Production environment details:

  • This is a single node cluster.
  • OS: Windows 2019 Server Standard (full installation) 64-bit
  • Physical Memory (RAM): Total: 127.99 GB
  • CPU: 16 logical CPUs (8 cores in 2 physical packages}
  • Disk where Elasticsearch indices are stored: I:\ Fixed NTFS 1.95 TB 1.29 TB GT2IDX01_ES_INDEX_I
  • Disk where Elasticsearch snapshots are stored: X:\ Fixed NTFS 1.99 TB 259.85 GB GT2IDX01_ES_SNAPVOL

We'd really appreciate any guidance/suggestions for this issue as the end customer has a significant number of users that are unable to work when these issues occur and their temperature continues to increase the longer we go without a solution.

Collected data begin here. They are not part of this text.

Lemma block_cover v :
  (v < psum_tot)%N -> exists i : 'I_r, (psum i <= v < psum i + L i)%N.
Proof.
rewrite -psum_r; suff: forall m, (m <= r)%N -> (v < psum m)%N ->
    exists i : 'I_r, (psum i <= v < psum i + L i)%N by apply.
elim=> [|m IH] le_mr; first by rewrite /psum big_pred0.
rewrite (psumS le_mr) => lt_v; case: (ltnP v (psum m)) => [lt_vm|le_mv].
  exact: IH (ltnW le_mr) lt_vm.
by exists (Ordinal le_mr); rewrite le_mv lt_v.
Qed.

End BlockOffsets.

Lemma psum_tot_pred r (L : 'I_r -> nat) : (forall i, 0 < L i)%N ->
  psum_tot L = (psum_tot (fun k => L k - 1) + r)%N.
Proof.
move=> L_gt0; rewrite /psum_tot -[X in (_ + X)%N]card_ord -sum1_card -big_split /=.
by apply: eq_bigr => i _; rewrite subnK.
Qed.

Section Vectors.
Variable R : realFieldType.

Definition zext m (x : 'I_m -> R) (k : nat) : R :=
  if insub k is Some i then x i else 0.

Lemma zext_ord m (x : 'I_m -> R) k (lt_km : (k < m)%N) : zext x k = x (Ordinal lt_km).
Proof. by rewrite /zext insubT. Qed.

Lemma zextE m (x : 'I_m -> R) (v : 'I_m) : zext x v = x v.
Proof. by rewrite /zext valK. Qed.

Lemma zext_out m (x : 'I_m -> R) k : (m <= k)%N -> zext x k = 0.
Proof. by move=> le_mk; rewrite /zext insubN // -leqNgt. Qed.

Lemma sum_indicator m (x : 'I_m -> R) k :
  \sum_(v < m) ((v : nat) == k)%:R * x v = zext x k.
Proof.
case: (ltnP k m) => [lt_km|le_mk].
  rewrite (bigD1 (Ordinal lt_km)) //= eqxx mul1r big1 ?addr0; first by rewrite zext_ord.
  move=> v /negbTE ne_v; suff -> : ((v : nat) == k) = false by rewrite mul0r.
  by apply/negbTE; apply: contraFN ne_v => /eqP v_k; apply/eqP/val_inj.
rewrite zext_out // big1 // => v _.
suff -> : ((v : nat) == k) = false by rewrite mul0r.
by apply/negbTE; have := ltn_ord v; lia.
Qed.

Lemma mulmx_cV_eq0 m k (A : 'M[R]_(m, k)) (v : 'cV[R]_k) :
  A *m v = 0 <-> forall i, \sum_j A i j * v j 0 = 0.
Proof.
split=> [Av0 i | Av0].
  by have := congr1 (fun M : 'cV[R]_m => M i 0) Av0; rewrite !mxE.
by apply/matrixP => i j; rewrite ord1 !mxE Av0.
Qed.

Lemma rV_neq0 m (v : 'rV[R]_m) : v != 0 -> exists k, v 0 k != 0.
Proof.
move=> v_neq0; apply/existsP; apply: contraR v_neq0; rewrite negb_exists => /forallP v0.
by apply/eqP/matrixP => i j; rewrite ord1 mxE; exact/eqP/negPn/v0.
Qed.

Lemma cV_neq0 m (v : 'cV[R]_m) : v != 0 -> exists k, v k 0 != 0.
Proof.
move=> v_neq0; apply/existsP; apply: contraR v_neq0; rewrite negb_exists => /forallP v0.
by apply/eqP/matrixP => i j; rewrite ord1 mxE; exact/eqP/negPn/v0.
Qed.

Lemma ker_sub m1 m2 k (A : 'M[R]_(m1, k)) (B : 'M[R]_(m2, k)) :
  (forall v : 'cV[R]_k, B *m v = 0 -> A *m v = 0) -> (A <= B)%MS.
Proof.
move=> kerBA; rewrite submxE; apply/eqP/matrixP => i j.
have := kerBA (col j (cokermx B)); rewrite colE mulmxA mulmx_coker mul0mx.
move=> /(_ erefl)/(congr1 (fun M : 'cV[R]_m1 => M i 0)).
by rewrite mulmxA -colE !mxE.
Qed.

Definition mx_abs_sum m k (A : 'M[R]_(m, k)) : R := \sum_i \sum_j `|A i j|.

Lemma entry_le_abs_sum m k (A : 'M[R]_(m, k)) i j : `|A i j| <= mx_abs_sum A.
Proof.
rewrite /mx_abs_sum (bigD1 i) //= (bigD1 j) //= -addrA lerDl.
by rewrite addr_ge0 ?sumr_ge0 // => i' _; apply: sumr_ge0.
Qed.

Lemma mulmx_entry_le m k l (A : 'M[R]_(m, k)) (B : 'M[R]_(k, l)) c i j :
  0 <= c -> (forall i k, `|A i k| <= c) -> `|(A *m B) i j| <= c * mx_abs_sum B.
Proof.
move=> c_ge0 A_le; rewrite mxE; apply: (le_trans (ler_norm_sum _ _ _)).
apply: (@le_trans _ _ (\sum_k0 c * `|B k0 j|)).
  by apply: ler_sum => k0 _; rewrite normrM ler_wpM2r.
rewrite -mulr_sumr ler_wpM2l //; apply: ler_sum => k0 _.
by rewrite (bigD1 j) //= lerDl sumr_ge0.
Qed.

End Vectors.

Section QuadraticForms.
Variable R : realFieldType.

Definition qf m (A : 'M[R]_m) (x : 'I_m -> R) : R :=
  \sum_i \sum_j x i * A i j * x j.

Definition coercive m (alpha : R) (A : 'M[R]_m) : Prop :=
  forall x : 'I_m -> R, alpha * \sum_i x i ^+ 2 <= qf A x.

Lemma qf_row m (A : 'M[R]_m) (v : 'rV[R]_m) :
  (v *m A *m v^T) 0 0 = qf A (fun i => v 0 i).
Proof.
rewrite mxE /qf exchange_big /=; apply: eq_bigr => j _.
by rewrite !mxE mulr_suml; apply: eq_bigr => i _.
Qed.

Lemma qf_col m (A : 'M[R]_m) (v : 'cV[R]_m) :
  (v^T *m A *m v) 0 0 = qf A (fun i => v i 0).
Proof.
rewrite -{2}(trmxK v) qf_row /qf.
by apply: eq_bigr => i _; apply: eq_bigr => j _; rewrite !mxE.
Qed.

Lemma qfD m (A B : 'M[R]_m) x : qf (A + B) x = qf A x + qf B x.
Proof.
rewrite /qf -big_split; apply: eq_bigr => i _; rewrite -big_split.
by apply: eq_bigr => j _; rewrite mxE /= mulrDr mulrDl.
Qed.

Lemma qfZ m (a : R) (A : 'M[R]_m) x : qf (a *: A) x = a * qf A x.
Proof.
rewrite /qf mulr_sumr; apply: eq_bigr => i _; rewrite mulr_sumr.
by apply: eq_bigr => j _; rewrite mxE; ring.
Qed.

Lemma qf_scalar m (a : R) x : qf (a%:M : 'M[R]_m) x = a * \sum_i x i ^+ 2.
Proof.
rewrite /qf mulr_sumr; apply: eq_bigr => i _.
rewrite (bigD1 i) //= big1 ?addr0; first by rewrite mxE eqxx mulr1n; ring.
by move=> j ne_ji; rewrite mxE eq_sym (negbTE ne_ji) mulr0n mulr0 mul0r.
Qed.

Lemma qf_const m (a : R) x : qf (const_mx a : 'M[R]_m) x = a * (\sum_i x i) ^+ 2.
Proof.
rewrite /qf expr2 big_distrlr /= mulr_sumr; apply: eq_bigr => i _.
by rewrite mulr_sumr; apply: eq_bigr => j _; rewrite mxE; ring.
Qed.

Lemma qf_ker m (A : 'M[R]_m) x : (forall i, \sum_j A i j * x j = 0) -> qf A x = 0.
Proof.
move=> Ax0; rewrite /qf big1 // => i _.
transitivity (x i * \sum_j A i j * x j); last by rewrite Ax0 mulr0.
by rewrite mulr_sumr; apply: eq_bigr => j _; ring.
Qed.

Yes this is the problem, you're using network-attached storage on Windows. See these docs:

Elasticsearch requires the filesystem to act as if it were backed by a local disk, but this means that it will work correctly on properly-configured remote block devices (e.g. a SAN) and remote filesystems (e.g. NFS) as long as the remote storage behaves no differently from local storage.

Windows remote storage behaves sufficiently differently from local storage that you can't reliably use it with Elasticsearch.

This topic was automatically closed 28 days after the last reply. New replies are no longer allowed.